### [WORK REQUIRED]
Look below for the line holding "if first_max (g^~ s) n then 1 else 0." and the line holding "Proof. by rewrite". Transcribe exactly those lines and all lines between them, nothing more.

--- TASK INPUTS ---

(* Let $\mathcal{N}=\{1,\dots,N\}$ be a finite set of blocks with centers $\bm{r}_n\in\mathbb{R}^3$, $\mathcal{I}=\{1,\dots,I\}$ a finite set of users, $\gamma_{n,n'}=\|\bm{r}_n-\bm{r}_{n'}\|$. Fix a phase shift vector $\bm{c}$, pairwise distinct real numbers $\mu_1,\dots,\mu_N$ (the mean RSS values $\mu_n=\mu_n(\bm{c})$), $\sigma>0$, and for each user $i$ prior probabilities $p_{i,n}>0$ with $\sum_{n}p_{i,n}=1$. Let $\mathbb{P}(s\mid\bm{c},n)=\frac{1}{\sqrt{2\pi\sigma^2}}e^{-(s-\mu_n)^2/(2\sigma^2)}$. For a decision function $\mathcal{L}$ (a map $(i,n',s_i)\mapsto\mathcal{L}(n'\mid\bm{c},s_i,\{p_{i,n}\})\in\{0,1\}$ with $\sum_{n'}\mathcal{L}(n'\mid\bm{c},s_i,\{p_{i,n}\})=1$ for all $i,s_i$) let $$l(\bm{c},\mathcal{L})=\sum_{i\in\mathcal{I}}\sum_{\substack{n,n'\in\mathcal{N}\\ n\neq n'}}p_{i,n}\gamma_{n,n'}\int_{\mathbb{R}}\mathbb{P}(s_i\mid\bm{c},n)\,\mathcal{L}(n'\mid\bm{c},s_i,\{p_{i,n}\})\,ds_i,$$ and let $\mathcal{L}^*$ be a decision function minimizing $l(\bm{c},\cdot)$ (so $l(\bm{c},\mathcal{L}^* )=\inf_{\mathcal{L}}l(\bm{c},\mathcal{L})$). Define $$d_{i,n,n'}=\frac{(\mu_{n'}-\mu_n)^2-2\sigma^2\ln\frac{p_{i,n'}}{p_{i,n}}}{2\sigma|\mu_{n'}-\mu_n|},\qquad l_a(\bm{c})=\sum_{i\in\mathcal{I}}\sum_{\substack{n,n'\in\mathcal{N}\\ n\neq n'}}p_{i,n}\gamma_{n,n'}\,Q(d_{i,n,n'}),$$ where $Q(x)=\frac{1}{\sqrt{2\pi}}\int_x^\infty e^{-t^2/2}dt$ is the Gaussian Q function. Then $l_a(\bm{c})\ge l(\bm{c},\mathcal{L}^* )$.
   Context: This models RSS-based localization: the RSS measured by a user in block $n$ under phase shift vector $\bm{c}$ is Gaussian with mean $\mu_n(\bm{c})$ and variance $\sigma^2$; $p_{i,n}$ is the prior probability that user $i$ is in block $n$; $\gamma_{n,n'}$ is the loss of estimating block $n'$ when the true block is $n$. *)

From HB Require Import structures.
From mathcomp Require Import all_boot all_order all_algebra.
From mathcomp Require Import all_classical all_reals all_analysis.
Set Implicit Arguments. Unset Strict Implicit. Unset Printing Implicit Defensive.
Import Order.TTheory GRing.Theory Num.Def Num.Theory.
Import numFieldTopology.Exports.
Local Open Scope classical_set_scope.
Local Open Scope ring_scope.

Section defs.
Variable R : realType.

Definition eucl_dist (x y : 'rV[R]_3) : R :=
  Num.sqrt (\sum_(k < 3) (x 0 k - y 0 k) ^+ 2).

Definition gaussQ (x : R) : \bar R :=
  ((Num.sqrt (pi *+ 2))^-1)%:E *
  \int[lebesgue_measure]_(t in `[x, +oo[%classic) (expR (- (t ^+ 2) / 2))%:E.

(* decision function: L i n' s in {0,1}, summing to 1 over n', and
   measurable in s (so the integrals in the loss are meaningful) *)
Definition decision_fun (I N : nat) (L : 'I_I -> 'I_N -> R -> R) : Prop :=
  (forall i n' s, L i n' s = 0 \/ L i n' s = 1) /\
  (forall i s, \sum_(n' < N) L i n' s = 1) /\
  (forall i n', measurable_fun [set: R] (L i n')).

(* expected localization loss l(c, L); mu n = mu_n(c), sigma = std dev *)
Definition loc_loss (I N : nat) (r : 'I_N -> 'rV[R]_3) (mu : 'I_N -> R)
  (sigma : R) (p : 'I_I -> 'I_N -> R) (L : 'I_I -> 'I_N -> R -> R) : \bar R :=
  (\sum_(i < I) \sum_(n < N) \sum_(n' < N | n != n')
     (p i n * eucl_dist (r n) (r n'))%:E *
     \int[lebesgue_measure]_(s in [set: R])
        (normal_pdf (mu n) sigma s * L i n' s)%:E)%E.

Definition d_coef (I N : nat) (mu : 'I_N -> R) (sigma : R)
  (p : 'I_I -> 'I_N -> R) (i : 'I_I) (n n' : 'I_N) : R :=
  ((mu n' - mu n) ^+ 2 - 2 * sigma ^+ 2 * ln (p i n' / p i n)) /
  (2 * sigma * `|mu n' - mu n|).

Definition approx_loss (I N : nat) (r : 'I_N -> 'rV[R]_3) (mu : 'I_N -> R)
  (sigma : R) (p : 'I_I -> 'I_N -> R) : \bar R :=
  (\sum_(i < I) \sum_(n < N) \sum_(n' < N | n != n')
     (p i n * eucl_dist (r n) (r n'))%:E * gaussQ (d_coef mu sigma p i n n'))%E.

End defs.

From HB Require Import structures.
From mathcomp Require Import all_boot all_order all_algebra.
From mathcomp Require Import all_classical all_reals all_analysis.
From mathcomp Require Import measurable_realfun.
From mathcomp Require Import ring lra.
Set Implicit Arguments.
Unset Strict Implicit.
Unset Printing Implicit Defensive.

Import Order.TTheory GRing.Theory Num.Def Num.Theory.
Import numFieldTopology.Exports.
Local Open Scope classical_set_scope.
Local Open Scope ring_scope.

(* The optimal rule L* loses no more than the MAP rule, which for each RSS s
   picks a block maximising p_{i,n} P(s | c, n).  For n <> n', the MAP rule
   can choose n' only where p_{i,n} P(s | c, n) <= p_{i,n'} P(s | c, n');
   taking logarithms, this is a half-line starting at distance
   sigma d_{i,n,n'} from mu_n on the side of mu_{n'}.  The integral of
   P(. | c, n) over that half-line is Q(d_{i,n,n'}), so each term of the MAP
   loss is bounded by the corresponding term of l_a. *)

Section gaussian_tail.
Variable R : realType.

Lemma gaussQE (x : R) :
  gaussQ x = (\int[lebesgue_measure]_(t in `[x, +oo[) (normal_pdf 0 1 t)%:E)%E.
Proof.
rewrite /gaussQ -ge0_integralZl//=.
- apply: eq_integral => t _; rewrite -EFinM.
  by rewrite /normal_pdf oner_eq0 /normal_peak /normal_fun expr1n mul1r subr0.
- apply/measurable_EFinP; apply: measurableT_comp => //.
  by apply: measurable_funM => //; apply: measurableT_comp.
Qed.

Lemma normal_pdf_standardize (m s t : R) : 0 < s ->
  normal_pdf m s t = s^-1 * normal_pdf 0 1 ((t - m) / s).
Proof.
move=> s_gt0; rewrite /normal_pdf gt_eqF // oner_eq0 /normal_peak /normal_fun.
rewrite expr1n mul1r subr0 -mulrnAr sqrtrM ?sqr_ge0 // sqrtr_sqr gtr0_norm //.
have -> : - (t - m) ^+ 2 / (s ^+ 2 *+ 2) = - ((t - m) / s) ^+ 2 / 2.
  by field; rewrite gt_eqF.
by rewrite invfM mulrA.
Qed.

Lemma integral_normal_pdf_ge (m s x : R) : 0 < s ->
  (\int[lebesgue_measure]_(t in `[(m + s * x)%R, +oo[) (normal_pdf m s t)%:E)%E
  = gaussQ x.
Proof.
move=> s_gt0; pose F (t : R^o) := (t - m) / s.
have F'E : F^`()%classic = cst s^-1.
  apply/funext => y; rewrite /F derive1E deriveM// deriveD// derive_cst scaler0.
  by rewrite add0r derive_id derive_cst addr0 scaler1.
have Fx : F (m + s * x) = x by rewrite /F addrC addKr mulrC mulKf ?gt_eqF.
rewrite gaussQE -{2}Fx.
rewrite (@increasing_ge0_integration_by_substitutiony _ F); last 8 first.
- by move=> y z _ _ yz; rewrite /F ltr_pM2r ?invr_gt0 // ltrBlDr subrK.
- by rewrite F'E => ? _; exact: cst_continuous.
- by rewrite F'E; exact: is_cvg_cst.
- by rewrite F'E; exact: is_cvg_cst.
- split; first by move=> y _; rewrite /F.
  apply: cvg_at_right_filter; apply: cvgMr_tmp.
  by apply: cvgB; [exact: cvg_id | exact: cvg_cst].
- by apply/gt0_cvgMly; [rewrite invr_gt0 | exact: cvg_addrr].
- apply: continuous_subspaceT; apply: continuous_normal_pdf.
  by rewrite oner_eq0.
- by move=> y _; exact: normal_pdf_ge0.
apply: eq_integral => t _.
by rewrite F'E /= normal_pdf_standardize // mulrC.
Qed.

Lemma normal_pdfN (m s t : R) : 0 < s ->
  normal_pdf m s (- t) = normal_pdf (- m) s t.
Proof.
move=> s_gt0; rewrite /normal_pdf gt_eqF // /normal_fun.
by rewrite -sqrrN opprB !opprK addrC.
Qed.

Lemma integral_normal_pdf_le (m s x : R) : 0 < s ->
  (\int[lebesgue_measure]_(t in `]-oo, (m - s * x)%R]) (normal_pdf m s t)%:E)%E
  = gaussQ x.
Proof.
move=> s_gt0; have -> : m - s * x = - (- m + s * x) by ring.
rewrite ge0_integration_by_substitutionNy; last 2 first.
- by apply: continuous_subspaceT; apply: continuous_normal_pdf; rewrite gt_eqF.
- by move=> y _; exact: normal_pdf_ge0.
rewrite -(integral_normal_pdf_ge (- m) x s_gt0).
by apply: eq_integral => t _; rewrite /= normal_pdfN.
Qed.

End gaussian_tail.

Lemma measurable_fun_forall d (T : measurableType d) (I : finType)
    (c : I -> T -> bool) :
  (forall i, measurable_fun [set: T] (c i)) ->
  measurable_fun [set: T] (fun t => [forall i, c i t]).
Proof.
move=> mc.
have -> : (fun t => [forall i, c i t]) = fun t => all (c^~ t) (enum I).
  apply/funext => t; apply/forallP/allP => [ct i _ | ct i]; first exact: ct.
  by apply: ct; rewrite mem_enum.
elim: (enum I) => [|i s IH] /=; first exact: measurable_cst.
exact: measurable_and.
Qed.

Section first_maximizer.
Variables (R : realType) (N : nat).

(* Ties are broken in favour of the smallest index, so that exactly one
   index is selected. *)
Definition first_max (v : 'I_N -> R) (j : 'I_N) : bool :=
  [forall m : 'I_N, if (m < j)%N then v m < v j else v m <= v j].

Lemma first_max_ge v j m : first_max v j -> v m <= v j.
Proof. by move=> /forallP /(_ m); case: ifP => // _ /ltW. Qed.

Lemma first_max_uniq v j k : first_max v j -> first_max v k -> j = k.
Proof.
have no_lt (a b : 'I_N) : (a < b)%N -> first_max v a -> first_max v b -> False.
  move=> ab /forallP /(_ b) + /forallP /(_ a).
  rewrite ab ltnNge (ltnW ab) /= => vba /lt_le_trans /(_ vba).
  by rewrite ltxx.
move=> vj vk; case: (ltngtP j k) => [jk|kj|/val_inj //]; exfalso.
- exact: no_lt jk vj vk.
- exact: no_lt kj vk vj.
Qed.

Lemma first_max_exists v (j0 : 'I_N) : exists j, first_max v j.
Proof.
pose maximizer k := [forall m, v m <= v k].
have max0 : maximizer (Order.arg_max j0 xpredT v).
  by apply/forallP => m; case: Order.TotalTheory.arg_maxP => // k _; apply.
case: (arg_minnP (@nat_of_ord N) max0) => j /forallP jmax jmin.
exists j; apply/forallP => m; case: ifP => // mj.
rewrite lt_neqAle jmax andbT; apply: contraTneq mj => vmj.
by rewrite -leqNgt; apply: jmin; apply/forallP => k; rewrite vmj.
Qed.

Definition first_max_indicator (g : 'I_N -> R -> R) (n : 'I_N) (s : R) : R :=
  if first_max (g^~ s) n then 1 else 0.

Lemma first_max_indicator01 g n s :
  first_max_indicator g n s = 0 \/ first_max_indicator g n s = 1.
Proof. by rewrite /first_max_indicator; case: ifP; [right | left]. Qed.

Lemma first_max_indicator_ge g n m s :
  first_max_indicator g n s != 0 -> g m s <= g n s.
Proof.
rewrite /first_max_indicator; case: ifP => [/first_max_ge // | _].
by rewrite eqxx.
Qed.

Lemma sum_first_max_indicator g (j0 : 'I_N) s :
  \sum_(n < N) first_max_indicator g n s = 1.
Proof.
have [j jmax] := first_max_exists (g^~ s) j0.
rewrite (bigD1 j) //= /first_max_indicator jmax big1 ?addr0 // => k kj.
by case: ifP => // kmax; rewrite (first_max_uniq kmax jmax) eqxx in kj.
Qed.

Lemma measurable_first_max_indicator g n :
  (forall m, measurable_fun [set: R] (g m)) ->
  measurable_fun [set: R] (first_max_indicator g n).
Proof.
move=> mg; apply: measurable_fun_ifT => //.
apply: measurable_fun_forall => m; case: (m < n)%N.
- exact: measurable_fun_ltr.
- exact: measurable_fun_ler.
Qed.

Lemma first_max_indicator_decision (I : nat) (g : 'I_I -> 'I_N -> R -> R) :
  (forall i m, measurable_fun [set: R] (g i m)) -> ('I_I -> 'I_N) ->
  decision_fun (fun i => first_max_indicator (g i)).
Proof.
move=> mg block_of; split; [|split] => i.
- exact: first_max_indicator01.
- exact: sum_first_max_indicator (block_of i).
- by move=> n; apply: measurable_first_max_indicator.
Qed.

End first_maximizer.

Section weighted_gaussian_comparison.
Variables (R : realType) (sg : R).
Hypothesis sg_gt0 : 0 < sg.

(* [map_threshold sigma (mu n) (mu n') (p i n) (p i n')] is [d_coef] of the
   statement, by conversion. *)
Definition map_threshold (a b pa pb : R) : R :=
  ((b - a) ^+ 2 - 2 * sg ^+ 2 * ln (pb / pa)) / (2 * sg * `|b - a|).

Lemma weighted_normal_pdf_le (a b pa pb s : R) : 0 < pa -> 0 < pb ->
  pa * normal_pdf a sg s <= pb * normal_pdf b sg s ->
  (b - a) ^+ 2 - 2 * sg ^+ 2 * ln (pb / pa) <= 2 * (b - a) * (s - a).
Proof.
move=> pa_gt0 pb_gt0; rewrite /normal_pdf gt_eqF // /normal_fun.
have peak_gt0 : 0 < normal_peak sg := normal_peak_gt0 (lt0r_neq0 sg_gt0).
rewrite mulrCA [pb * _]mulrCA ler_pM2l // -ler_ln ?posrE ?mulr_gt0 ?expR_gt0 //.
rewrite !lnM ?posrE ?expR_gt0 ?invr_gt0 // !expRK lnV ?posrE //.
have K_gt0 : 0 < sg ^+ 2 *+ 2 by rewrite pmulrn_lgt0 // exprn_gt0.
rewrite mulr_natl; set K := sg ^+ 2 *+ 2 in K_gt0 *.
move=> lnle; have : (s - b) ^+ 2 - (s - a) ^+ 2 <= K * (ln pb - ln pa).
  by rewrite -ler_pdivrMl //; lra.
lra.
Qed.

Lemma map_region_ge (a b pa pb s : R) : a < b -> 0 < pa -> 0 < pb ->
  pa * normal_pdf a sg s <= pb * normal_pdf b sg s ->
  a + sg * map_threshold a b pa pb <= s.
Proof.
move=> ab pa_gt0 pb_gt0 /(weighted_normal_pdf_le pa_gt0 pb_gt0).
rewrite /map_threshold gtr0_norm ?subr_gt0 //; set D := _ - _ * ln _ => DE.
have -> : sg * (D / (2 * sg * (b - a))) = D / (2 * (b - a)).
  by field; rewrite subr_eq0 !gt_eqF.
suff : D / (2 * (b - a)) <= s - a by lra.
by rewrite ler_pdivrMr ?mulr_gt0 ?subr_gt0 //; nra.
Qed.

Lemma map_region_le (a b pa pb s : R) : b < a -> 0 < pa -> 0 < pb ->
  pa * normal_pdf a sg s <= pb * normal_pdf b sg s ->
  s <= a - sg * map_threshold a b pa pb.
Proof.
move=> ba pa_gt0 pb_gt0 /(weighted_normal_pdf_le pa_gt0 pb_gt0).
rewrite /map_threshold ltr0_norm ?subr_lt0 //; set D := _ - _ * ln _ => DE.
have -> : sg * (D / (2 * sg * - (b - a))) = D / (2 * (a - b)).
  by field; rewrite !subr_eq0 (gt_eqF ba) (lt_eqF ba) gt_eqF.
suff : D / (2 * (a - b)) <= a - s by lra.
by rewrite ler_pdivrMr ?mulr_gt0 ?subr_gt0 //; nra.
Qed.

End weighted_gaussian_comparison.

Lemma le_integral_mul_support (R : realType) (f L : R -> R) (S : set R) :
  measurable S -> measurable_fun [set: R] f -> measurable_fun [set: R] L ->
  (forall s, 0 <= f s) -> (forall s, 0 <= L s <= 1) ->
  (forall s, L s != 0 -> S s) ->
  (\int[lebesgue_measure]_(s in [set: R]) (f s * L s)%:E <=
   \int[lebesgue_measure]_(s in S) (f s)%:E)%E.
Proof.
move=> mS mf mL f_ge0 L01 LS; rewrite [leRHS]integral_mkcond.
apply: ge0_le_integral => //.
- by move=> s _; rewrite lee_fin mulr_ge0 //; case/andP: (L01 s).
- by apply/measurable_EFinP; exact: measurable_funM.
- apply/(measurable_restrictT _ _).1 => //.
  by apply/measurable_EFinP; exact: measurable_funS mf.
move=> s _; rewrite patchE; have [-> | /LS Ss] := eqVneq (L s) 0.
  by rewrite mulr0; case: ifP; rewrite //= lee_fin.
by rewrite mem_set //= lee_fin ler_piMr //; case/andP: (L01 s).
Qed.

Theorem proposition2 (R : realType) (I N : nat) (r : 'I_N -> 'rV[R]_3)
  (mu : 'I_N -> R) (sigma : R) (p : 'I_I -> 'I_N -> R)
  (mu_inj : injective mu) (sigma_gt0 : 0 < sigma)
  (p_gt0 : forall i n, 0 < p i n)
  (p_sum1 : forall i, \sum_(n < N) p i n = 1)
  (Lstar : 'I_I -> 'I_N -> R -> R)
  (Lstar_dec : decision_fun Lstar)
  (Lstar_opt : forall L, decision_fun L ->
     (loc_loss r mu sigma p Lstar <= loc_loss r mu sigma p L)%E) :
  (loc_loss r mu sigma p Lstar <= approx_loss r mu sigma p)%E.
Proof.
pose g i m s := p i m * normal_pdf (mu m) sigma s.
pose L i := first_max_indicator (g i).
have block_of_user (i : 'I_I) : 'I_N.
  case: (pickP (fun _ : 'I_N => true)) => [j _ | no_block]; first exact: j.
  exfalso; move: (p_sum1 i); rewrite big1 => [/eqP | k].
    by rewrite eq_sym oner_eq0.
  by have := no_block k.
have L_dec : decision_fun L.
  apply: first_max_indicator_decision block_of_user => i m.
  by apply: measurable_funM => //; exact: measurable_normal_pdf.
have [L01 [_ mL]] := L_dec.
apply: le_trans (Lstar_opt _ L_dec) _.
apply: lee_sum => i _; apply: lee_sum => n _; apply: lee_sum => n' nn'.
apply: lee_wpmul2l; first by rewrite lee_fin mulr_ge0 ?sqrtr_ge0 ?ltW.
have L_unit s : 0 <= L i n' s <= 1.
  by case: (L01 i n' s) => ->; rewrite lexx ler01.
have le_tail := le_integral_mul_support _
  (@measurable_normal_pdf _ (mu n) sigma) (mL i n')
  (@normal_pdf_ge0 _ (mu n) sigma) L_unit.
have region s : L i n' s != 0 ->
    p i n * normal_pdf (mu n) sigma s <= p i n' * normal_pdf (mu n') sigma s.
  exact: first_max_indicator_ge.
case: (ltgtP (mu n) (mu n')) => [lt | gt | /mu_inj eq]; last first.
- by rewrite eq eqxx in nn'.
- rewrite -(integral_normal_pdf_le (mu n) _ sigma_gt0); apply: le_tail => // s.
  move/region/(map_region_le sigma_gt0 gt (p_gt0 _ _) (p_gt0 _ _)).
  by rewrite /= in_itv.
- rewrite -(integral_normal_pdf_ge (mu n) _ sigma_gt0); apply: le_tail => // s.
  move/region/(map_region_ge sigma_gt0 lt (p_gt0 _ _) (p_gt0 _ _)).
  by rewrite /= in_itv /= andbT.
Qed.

---

### [WRITTEN ANSWER]
  if first_max (g^~ s) n then 1 else 0.

Lemma first_max_indicator01 g n s :
  first_max_indicator g n s = 0 \/ first_max_indicator g n s = 1.
Proof. by rewrite /first_max_indicator; case: ifP; [right | left]. Qed.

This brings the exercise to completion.